* Activity *
For the material below, count the lines containing "intros" and reply with the number alone.

* Exercise data *
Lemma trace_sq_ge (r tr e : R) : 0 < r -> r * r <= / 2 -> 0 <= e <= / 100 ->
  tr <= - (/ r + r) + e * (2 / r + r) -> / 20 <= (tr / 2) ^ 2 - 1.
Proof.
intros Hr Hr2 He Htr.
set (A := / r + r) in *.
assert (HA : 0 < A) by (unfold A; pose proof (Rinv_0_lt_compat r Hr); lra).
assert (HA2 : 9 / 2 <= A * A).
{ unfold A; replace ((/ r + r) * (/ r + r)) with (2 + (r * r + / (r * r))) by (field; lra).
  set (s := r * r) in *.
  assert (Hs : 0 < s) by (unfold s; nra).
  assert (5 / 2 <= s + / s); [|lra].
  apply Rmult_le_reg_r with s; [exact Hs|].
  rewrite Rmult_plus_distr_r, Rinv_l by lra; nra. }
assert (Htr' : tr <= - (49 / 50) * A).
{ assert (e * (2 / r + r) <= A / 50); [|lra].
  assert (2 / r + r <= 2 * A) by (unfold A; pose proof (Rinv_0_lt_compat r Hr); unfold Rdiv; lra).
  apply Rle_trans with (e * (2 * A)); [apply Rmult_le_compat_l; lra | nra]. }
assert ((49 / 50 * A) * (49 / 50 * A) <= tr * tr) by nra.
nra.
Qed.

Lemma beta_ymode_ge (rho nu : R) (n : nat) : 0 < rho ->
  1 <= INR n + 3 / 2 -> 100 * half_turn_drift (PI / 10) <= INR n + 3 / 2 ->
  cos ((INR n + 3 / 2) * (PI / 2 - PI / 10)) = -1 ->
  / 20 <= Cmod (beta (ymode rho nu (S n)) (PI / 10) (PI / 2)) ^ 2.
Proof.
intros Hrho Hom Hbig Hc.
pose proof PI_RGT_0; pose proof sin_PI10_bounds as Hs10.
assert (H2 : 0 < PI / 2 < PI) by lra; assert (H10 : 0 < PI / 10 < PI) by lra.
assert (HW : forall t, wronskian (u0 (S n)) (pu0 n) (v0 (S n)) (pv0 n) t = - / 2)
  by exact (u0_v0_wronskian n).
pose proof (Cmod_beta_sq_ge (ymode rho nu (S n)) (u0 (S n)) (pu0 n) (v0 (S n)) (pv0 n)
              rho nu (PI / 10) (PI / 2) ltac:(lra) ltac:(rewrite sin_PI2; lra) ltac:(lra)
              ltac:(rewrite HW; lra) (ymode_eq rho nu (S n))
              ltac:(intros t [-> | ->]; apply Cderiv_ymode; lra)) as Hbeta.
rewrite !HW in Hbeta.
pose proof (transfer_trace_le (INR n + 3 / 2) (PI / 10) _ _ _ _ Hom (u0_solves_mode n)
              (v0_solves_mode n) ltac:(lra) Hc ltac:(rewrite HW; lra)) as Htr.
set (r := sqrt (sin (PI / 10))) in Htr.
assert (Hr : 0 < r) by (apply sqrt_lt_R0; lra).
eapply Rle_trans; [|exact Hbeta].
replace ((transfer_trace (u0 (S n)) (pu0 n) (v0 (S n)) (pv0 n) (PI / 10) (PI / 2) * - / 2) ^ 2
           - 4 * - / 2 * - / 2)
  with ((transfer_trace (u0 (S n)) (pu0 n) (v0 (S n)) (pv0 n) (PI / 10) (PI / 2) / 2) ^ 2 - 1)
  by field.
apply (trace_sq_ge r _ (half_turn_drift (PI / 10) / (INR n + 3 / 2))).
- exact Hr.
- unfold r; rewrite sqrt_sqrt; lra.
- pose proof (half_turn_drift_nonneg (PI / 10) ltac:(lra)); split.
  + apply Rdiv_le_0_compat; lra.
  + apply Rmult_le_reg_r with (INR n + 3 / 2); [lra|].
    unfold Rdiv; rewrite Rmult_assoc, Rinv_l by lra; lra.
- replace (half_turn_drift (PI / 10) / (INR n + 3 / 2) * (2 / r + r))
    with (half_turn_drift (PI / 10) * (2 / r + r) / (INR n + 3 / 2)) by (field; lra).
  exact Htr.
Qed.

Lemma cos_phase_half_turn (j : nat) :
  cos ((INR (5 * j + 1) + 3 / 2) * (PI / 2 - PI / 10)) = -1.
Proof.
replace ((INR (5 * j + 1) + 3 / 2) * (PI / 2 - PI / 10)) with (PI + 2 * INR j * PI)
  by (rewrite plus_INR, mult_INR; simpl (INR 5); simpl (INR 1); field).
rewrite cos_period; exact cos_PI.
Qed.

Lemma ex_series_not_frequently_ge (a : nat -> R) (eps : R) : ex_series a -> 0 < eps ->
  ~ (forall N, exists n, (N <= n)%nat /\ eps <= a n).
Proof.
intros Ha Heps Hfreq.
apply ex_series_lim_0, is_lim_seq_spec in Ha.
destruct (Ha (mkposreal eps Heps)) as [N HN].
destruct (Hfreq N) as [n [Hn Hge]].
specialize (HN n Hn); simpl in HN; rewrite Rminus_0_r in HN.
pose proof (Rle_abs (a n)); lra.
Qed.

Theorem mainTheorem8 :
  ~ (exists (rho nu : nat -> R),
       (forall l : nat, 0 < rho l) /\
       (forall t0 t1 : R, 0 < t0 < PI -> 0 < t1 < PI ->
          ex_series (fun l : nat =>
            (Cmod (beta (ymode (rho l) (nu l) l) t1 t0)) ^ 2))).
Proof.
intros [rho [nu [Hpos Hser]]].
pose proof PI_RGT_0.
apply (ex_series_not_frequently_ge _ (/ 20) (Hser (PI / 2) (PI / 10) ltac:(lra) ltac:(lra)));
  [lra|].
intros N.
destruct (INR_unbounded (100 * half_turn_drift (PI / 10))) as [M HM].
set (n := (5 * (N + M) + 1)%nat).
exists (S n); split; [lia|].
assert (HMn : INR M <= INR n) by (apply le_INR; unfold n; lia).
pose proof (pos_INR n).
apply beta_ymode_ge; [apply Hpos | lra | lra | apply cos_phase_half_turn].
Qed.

* Exercise output *
6